Suppose the API is allowing access to artists. Artists have albums, that have songs.
The users of the API have access to a subset of all the artists. If a user calls the API asking for some artist, it is easy to check if the user is allowed to do so.
Next, if the user asks for an album, the API has to check if the album belongs to an artist that the user is allowed to access. Accessing songs means that the API has to check the album and then the artist before access can be granted.
In database terms, I am looking at an increasing number of joins between tables for each additional layer that is added. I don't want to do all those joins, and I also don't want to store the user id everywhere in order to limit the number of joins.
To work around this, I came up with the following approach.
The API gives the user a reference to an object, for instance an artist object. The user can then ask that artist object for the albums, which returns a list object. The list object can be traversed, and album objects can be obtained from it. Likewise, from an album object a songlist object can be obtained and from that, the individual song objects.
Since the API trusts the artist object, it also trusts any objects (albums in this case) that the user gets from it, without further checks. And so forth for all the other objects. So I am delegating the security/trust to objects down the chain.
I would like to ask you what you think of it, what's good or bad about it, and of course, how you would solve this "problem".
Second, how would you approach this if the API should be RESTful? My approach seems less applicable in that case.

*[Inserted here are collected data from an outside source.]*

(* Walk both tiles leftwards in lockstep: the node of [s] stays strictly below
   that of [t], since heights move by one and disjoint tiles cannot meet.  So
   [s] cannot run out first, as reaching [st s] would put [NW (st s)] between
   two nodes of [S]. *)
Lemma st_column_le_below t s i j : t \in T -> s \in T ->
  i < size t -> j < size s -> ~~ S (NW (st s)) ->
  column (node_at s j) = column (node_at t i) ->
  height (node_at s j) < height (node_at t i) ->
  (column (st s) <= column (st t))%R.
Proof.
move=> tT sT; elim: j i => [|j IH] i i_lt j_lt NW_st col_eq h_lt.
  case/negP: NW_st; rewrite /st -nth0.
  have [lt1 lt2 _] := below_same_column col_eq h_lt.
  apply: S_convex (tiling_sub sT (mem_nth (0, 0) j_lt))
    (tiling_sub tT (mem_nth (0, 0) i_lt)) _ _; rewrite /NW /=; lia.
case: i i_lt col_eq h_lt => [|i] i_lt col_eq h_lt.
  by rewrite /st -nth0 -col_eq column_st_le // mem_nth.
have [colt ht] := tile_nth_step tT i_lt; have [cols hs] := tile_nth_step sT j_lt.
have [_ _ h_gap] := below_same_column col_eq h_lt.
case: (ltnP (height (node_at s j)) (height (node_at t i))) => h'_lt.
  by apply: IH (ltnW i_lt) (ltnW j_lt) NW_st _ h'_lt; lia.
have same : node_at s j = node_at t i by apply: node_eq; lia.
rewrite (tiles_disjoint tT sT (n := node_at t i)) ?mem_nth ?(ltnW i_lt) //.
by rewrite -same mem_nth // ltnW.
Qed.

Theorem lcover_expansiveP :
  lcover_expansive S T <-> forall t, t \in T -> ~~ S (NW (st t)).
Proof.
split=> [LCE t tT | NW_st a Sa S_SEa].
  apply/negP => S_NW; have SE_NW : SE (NW (st t)) = st t by case: (st t).
  have := LCE _ S_NW; rewrite SE_NW (tile_of_eq tT (mem_st tT)).
  move=> /(_ (tiling_sub tT (mem_st tT))).
  have := column_st_le (tile_of_in S_NW) (mem_tile_of S_NW).
  by rewrite /column /NW /=; lia.
have [a1_gt0 _] := S_pos Sa.
have [tT a_t] := (tile_of_in Sa, mem_tile_of Sa).
have [sT SEa_s] := (tile_of_in S_SEa, mem_tile_of S_SEa).
move: (tile_of T a) (tile_of T (SE a)) tT a_t sT SEa_s => t s tT a_t sT SEa_s.
have nth_a := nth_index (0, 0) a_t; have nth_SEa := nth_index (0, 0) SEa_s.
move: (index_mem a t) (index_mem (SE a) s); rewrite a_t SEa_s.
case: (index (SE a) s) nth_SEa => [|j] nth_SEa i_lt j_lt.
  have NW_SE : NW (SE a) = a by rewrite /NW /SE /= prednK //; case: (a).
  by case/negP: (NW_st s sT); rewrite /st -nth0 nth_SEa NW_SE.
have [cols hs] := tile_nth_step sT j_lt.
rewrite nth_SEa in cols hs.
have [colSE hSE] : column (SE a) = (column a + 1)%R /\ (height (SE a)).+1 = height a.
  by rewrite /column /height /SE /=; split; lia.
case: (ltnP (height (node_at s j)) (height a)) => h_lt.
  apply: (st_column_le_below tT sT i_lt (ltnW j_lt) (NW_st s sT));
  by rewrite nth_a //; lia.
have same : node_at s j = a by apply: node_eq; lia.
by rewrite (tiles_disjoint tT sT a_t) // -same mem_nth // ltnW.
Qed.

End LeftCover.

Definition swap (n : node) : node := (n.2, n.1).

(* Transposition followed by reversal: it exchanges [NE]/[SE] steps, so it
   maps tiles to tiles, swapping their first and last nodes. *)
Definition flip (t : seq node) : seq node := rev (map swap t).

Lemma swapK : involutive swap.
Proof. by case. Qed.

Lemma column_swap n : column (swap n) = (- column n)%R.
Proof. by rewrite /column /=; lia. Qed.

Lemma mem_flip t n : (n \in flip t) = (swap n \in t).
Proof. by rewrite mem_rev -{1}(swapK n) (mem_map (can_inj swapK)). Qed.

Lemma st_flip t : st (flip t) = swap (en t).
Proof.
by case/lastP: t => [|t x] //; rewrite /flip map_rcons rev_rcons /en last_rcons.
Qed.

Lemma tile_step_flip x y : 0 < x.1 -> tile_step x y -> tile_step (swap y) (swap x).
Proof.
case: x y => [a b] [c d] /= a_gt0 /orP[] /eqP[-> ->].
  by rewrite /tile_step eqxx orbT.
by rewrite /tile_step /swap /NE /= prednK // eqxx.
Qed.

Lemma is_tile_flip t : all (fun n => 0 < n.1) t -> is_tile t -> is_tile (flip t).
Proof.
case: t => [|x t] // pos tile_t; rewrite /flip map_cons lastI rev_rcons /=.
rewrite rev_path path_map; apply: (sub_in_path _ pos tile_t) => y z y_pos _.
exact: tile_step_flip.
Qed.

Lemma tile_of_flip T n : tile_of (map flip T) (swap n) = flip (tile_of T n).
Proof.
rewrite /tile_of find_map (eq_find (a2 := fun t => n \in t)); last first.
  by move=> t /=; rewrite mem_flip swapK.
case: (ltnP (find (fun t => n \in t) T) (size T)) => [lt | ge].
  exact: nth_map.
by rewrite !nth_default ?size_map.
Qed.

Section Transpose.

Variables (S : pred node) (T : seq (seq node)).
Hypotheses (S_pos : forall n, S n -> 0 < n.1 /\ 0 < n.2) (T_tiling : tiling S T).

Lemma order_convex_swap : order_convex S -> order_convex (S \o swap).
Proof. by move=> S_convex x y z Sx Sy z1 z2; apply: S_convex Sx Sy _ _. Qed.

Lemma tiling_flip : tiling (S \o swap) (map flip T).
Proof.
case: T_tiling => tiles sub count1; split.
- move=> _ /mapP[t tT ->]; apply: is_tile_flip (tiles t tT).
  by apply/allP => n /(sub t n tT) /S_pos[].
- by move=> _ n /mapP[t tT ->]; rewrite mem_flip; apply: sub.
- move=> n /count1 <-; rewrite count_map; apply: eq_count => t /=.
  by rewrite mem_flip.
Qed.

Lemma lcover_expansive_flip :
  lcover_expansive (S \o swap) (map flip T) <-> rcover_expansive S T.
Proof.
have flipE b : (column (st (tile_of (map flip T) (SE (swap b)))) <=
                column (st (tile_of (map flip T) (swap b))))%R =
               (column (en (tile_of T b)) <= column (en (tile_of T (SW b))))%R.
  have -> : SE (swap b) = swap (SW b) by [].
  by rewrite !tile_of_flip !st_flip !column_swap lerN2.
split=> [LCE b Sb S_SWb | RCE a].
  by rewrite -flipE; apply: LCE; case: b Sb S_SWb.
by rewrite -(swapK a) flipE => Sa S_SEa; apply: RCE.
Qed.

End Transpose.

Theorem rcover_expansiveP (S : pred node) (T : seq (seq node)) :
  (forall n, S n -> 0 < n.1 /\ 0 < n.2) -> order_convex S -> tiling S T ->
  rcover_expansive S T <-> forall t, t \in T -> ~~ S (NE (en t)).
Proof.
move=> S_pos S_convex T_tiling.
have swap_pos n : (S \o swap) n -> 0 < n.1 /\ 0 < n.2 by move/S_pos => [].
rewrite -lcover_expansive_flip // (lcover_expansiveP swap_pos
  (order_convex_swap S_convex) (tiling_flip S_pos T_tiling)).
have NW_flip t : NW (st (flip t)) = swap (NE (en t)) by rewrite st_flip.
split=> [NW_st t tT | NE_en _ /mapP[t tT ->]].
  by have := NW_st _ (map_f flip tT); rewrite NW_flip /= swapK.
by rewrite NW_flip /= swapK; apply: NE_en.
Qed.

Theorem proposition4p1 (lam mu : seq nat) (T : seq (seq node)) :
  is_partition lam -> is_partition mu -> diag_sub mu lam ->
  dyck_tiling lam mu T ->
  (left_cover_expansive lam mu T <->
     (forall t, t \in T -> ~~ skew lam mu (NW (st t)))) /\
  (right_cover_expansive lam mu T <->
     (forall t, t \in T -> ~~ skew lam mu (NE (en t)))).
Proof.
move=> lam_part mu_part _ [dyck sub count1].
have T_tiling : tiling (skew lam mu) T.
  by split=> // t /dyck /andP[].
have skew_convex := skew_order_convex lam_part mu_part.
have skew_pos := @skew_pos lam mu.
by split; [apply: lcover_expansiveP | apply: rcover_expansiveP].
Qed.
Lemma derivatives_bounded_on_norm_inf_ball {n m : nat} {f : 'cV[R]_n -> R}
    {a : 'cV[R]_n -> 'cV[R]_m} (B : R) :
  twice_differentiable f -> twice_differentiable a ->
  exists2 M, 0 <= M & forall x, norm_inf x <= B ->
    (forall j, `|grad f x j 0| <= M) /\ (forall i j, `|jac a x i j| <= M).
Proof.
move=> f_C2 a_C2.
pose h := (fun x => \sum_j `|'D_(ecol R j) f x|) + (fun x => \sum_j `|'D_(ecol R j) a x|).
have h_cont : continuous h.
  move=> z; apply: continuousD; move: z; apply: continuous_sum => j z.
    exact: cvg_norm (continuous_partial j f_C2 z).
  exact: cvg_norm (continuous_partial j a_C2 z).
have [M M_bound] := bounded_on_norm_inf_ball h B h_cont.
have h_le x : norm_inf x <= B -> h x <= `|M|.
  by move=> x_le; apply: le_trans (ler_norm _) (le_trans (M_bound x x_le) (ler_norm _)).
exists `|M| => // x x_le.
split=> [j|i j]; rewrite mxE; apply: le_trans (h_le x x_le); rewrite /h addrfctE.
  by rewrite (bigD1 j) //= -addrA lerDl addr_ge0 ?sumr_ge0.
apply: le_trans (abs_mx_entry_le _ i 0) _.
by rewrite [X in _ + X](bigD1 j) //= addrCA lerDl addr_ge0 ?sumr_ge0.
Qed.

End Calculus.

Section Iterates.
Context {R : realType} {n m : nat} {P : op_params R n m}.
Implicit Types z : ipstate R n m.

Lemma alg1_aggressive_iter_update z z' :
  alg1_aggressive_iter P z z' ->
  exists delta aP aD, [/\ alg2_steps P delta z aP aD, alg2_succeeds P z aP
                        & z' = update P 0 delta aP aD z].
Proof.
case=> _ [[_ [aP [aD [steps succ ->]]]] | [_ [delta [aP [aD [steps succ ->]]]]]].
  by exists 0, aP, aD.
by exists delta, aP, aD.
Qed.

Lemma admissible_update_condC gamma delta aP aD z :
  admissible P (update P gamma delta aP aD z) ->
  condC P (update P gamma delta aP aD z).
Proof. by case=> mu_gt0 s_gt0 y_gt0 sy_bound; split=> //=; rewrite addrC subrK. Qed.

Is this a real program or rather a sample to illustrate a question?
Because it is not clear why you would restrict access to the artists and albums rather than just to individual media items or even tracks.
I don't think that the joins should cost you that much, any half-smart DB system will do them cheaply enough when you are making a fairly simple criteria match on multiple tables.
IMHO, the problem with putting that much security logic into queries is that it limits your ability to handle more complex DRM issues that are sure to bound up. For example, what if the album is a collection from multiple artists? What if the album contains a track which is a duet and I only have access to one artist? etc, etc.
My view is that in those situations, a convenient programming model with sensible exception is much more important than the performance of individual queries, which you could always cache or optimize in the future. What you are trying to do with queries sounds like premature optimization.
Design your programming model as flexible as possible. Define a sensible sense of extensions, then work on implementing the database and optimize queries after profiling the real system.

It is possible that doing the joins is much faster than your object approach (although it is more elegant). With the joins you have only one db request, with the objects you have many. (Or you have to retrieve all the "possible" data in the first request, which could also slow down things)
I recommend doing the joins. If there is a problem about the sql you can ask at stackoverflow :D
Another idea:
If you make urls like "/beatles/whitealbum/happinesisawarmgun"
then you would know the artist in the begining of the request and could get the permission at once without traversing - because the url contains the traversal information. Just a thought.

It is a good idea to include a security descriptor for each resource and not only to a top-level one. In your example the security descriptor is simply artist's ID or a list of artists' IDs, if you support duets etc. So I would think about adding the list of IDs to both the artists and the songs tables. You can add a string field where the artist IDs for the resource will be written in comma-separated way.
Such solution scales well, you can add more layers without increasing time needed for security check. Adding a new resource also doesn't require any additional penalty except for one more field to insert (based on resource's parent field). And of course, this solution supports special situations described above (like more than one artists etc.).
This kind of solution also doesn't violate RESTful architecture.
And the fact that each resource contains its own security descriptor generalizes the resource's access permissions, making it possible to implement some completely different security policy in future (for example, making access permissions more granular, based on albums, not only artists).

Related

What are the RESTful API best practices in this case?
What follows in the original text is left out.